Joan watched them once playing “Follow-my-leader” round a barn
door. It was standing wide open and Fluffy ran behind it and poked
his head through the crack, just below the hinge. It was not a big
space, but Fluffy could just squeeze his neck through. Of course, the
others must follow his lead and try and do the same; and all would
have been well if only Piggy’s head had been the same size as the
others. I expect it was because he had eaten rather more than the
rest that his head was just a tiny bit bigger. When it came to his turn,
he pushed hard to get his head through, as all the others had done,
but when he tried to pull it back, it stuck. It was terrible; there he was
held as if he were in a trap. Oh, what a noise he made! Joan heard
his shrill frightened peeping and thought at least he must be nearly
killed. She came running up and was very alarmed when she saw
what was the matter.
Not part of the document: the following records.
Lemma dS_metric_group : metric_group (SG G Hab) (dS G dG).
Proof.
  destruct HG as [Hm [Hmul Hinv]].
  split; [apply dS_metric, Hm|split].
  - intros [x m] [y n] eps Heps.
    destruct (Hmul x (sgn G m y) eps Heps) as [d1 [Hd1 P1]].
    destruct (sgn_continuous m y d1 Hd1) as [d2 [Hd2 P2]].
    set (del := Rmin (Rmin d1 d2) 1).
    assert (del_pos : 0 < del) by (apply Rmin_glb_lt; [apply Rmin_glb_lt|]; lra).
    assert (del_le : del <= d1 /\ del <= d2 /\ del <= 1).
    { pose proof (Rmin_l (Rmin d1 d2) 1). pose proof (Rmin_r (Rmin d1 d2) 1).
      pose proof (Rmin_l d1 d2). pose proof (Rmin_r d1 d2). unfold del. lra. }
    exists del. split; [exact del_pos|].
    intros [x' m'] [y' n'] D1 D2.
    destruct (dS_small G dG dG_nonneg (x, m) (x', m')) as [E1 F1]; [lra|].
    destruct (dS_small G dG dG_nonneg (y, n) (y', n')) as [E2 F2]; [lra|].
    simpl in E1, F1, E2, F2. subst m' n'.
    unfold Smul, dS; simpl. destruct (Z.eq_dec (m + n) (m + n)); [|congruence].
    rewrite Rplus_0_r. apply P1; [lra|]. apply P2. lra.
  - intros [x m] eps Heps.
    destruct (sgn_continuous m (ginv x) eps Heps) as [d1 [Hd1 P1]].
    destruct (Hinv x d1 Hd1) as [d2 [Hd2 P2]].
    exists (Rmin d2 1). split; [apply Rmin_glb_lt; lra|].
    pose proof (Rmin_l d2 1). pose proof (Rmin_r d2 1).
    intros [x' m'] D1.
    destruct (dS_small G dG dG_nonneg (x, m) (x', m')) as [E1 F1]; [lra|].
    simpl in E1, F1. subst m'.
    unfold Sinv, dS; simpl. destruct (Z.eq_dec (- m) (- m)); [|congruence].
    rewrite Rplus_0_r. apply P1, P2. lra.
Qed.

(* The invariant neighbourhoods {(x,0) | dG 1 x < e, dG 1 x^-1 < e}: conjugation
   maps (x,0) to (x,0) or (x^-1,0), and they are open by continuity of inversion. *)
Lemma SG_small_invariant_nbhds : small_invariant_nbhds (SG G Hab) (dS G dG).
Proof.
  destruct HG as [Hm [_ Hinv]].
  assert (Hd0 : forall x, dG x x = 0) by (intros; apply Hm; reflexivity).
  destruct Hm as [_ [_ [_ Htr]]].
  intros eps Heps.
  set (e := Rmin eps 1).
  assert (e_le : e <= eps /\ e <= 1) by (split; [apply Rmin_l|apply Rmin_r]).
  assert (e_pos : 0 < e) by (apply Rmin_glb_lt; lra).
  exists (fun p : G * Z => snd p = 0%Z /\ dG gone (fst p) < e /\ dG gone (ginv (fst p)) < e).
  split; [|split; [|split]].
  - intros [x m] [Em [D1 D2]]; simpl in Em, D1, D2. subst m.
    destruct (Hinv x (e - dG gone (ginv x))) as [d1 [Hd1 P1]]; [lra|].
    set (del := Rmin (Rmin d1 1) (e - dG gone x)).
    assert (del_pos : 0 < del) by (apply Rmin_glb_lt; [apply Rmin_glb_lt|]; lra).
    assert (del_le : del <= d1 /\ del <= 1 /\ del <= e - dG gone x).
    { pose proof (Rmin_l (Rmin d1 1) (e - dG gone x)).
      pose proof (Rmin_r (Rmin d1 1) (e - dG gone x)).
      pose proof (Rmin_l d1 1). pose proof (Rmin_r d1 1). unfold del. lra. }
    exists del. split; [exact del_pos|].
    intros [y n] Hy.
    destruct (dS_small G dG dG_nonneg (x, 0%Z) (y, n)) as [E1 F1]; [lra|].
    simpl in E1, F1 |- *. split; [auto|]. split.
    + pose proof (Htr gone x y). lra.
    + pose proof (Htr gone (ginv x) (ginv y)). pose proof (P1 y). lra.
  - simpl. rewrite inv1, Hd0. auto.
  - intros [x m] [Em [D1 _]]; simpl in Em, D1. unfold dS. simpl.
    rewrite Em. simpl. lra.
  - intros [z m] [x n] [En [D1 D2]]; simpl in En, D1, D2. subst n.
    rewrite SG_conj. simpl. unfold sgn. destruct (Z.odd m); [rewrite invK|]; auto.
Qed.

End SemidirectMetric.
But she was a sensible child, and instead of
running away to call some one, she squeezed in behind the door,
being very careful not to push it to, as that would have choked the
poor little chick. Then she firmly took hold of Piggy, and putting two
fingers through the crack she gently pushed the fluffy little head back
through it and pulled the chicken out of danger. Just as she had put
him on the ground and he had given another loud peep to show
there was no harm done, the old hen came running up clucking in
such an excited manner as much as to say, “it doesn’t do to leave
these babies one minute, they are bound to get into mischief.” She
had heard her chick crying and had hurried up to see what she could
do. I wonder what she would have done to help. Something I feel
sure, for it is wonderful how clever mother animals and birds can be
when it is a case of taking care of their young.
Joan told her she had better lead her little family further away from
such a danger trap, and to help her Joan called the chickens to the
other end of the yard, and when they came running up, there on the
ground lay a nice long worm she had found for them, and she took
care that each had a bit.

It is very funny to see chickens drink.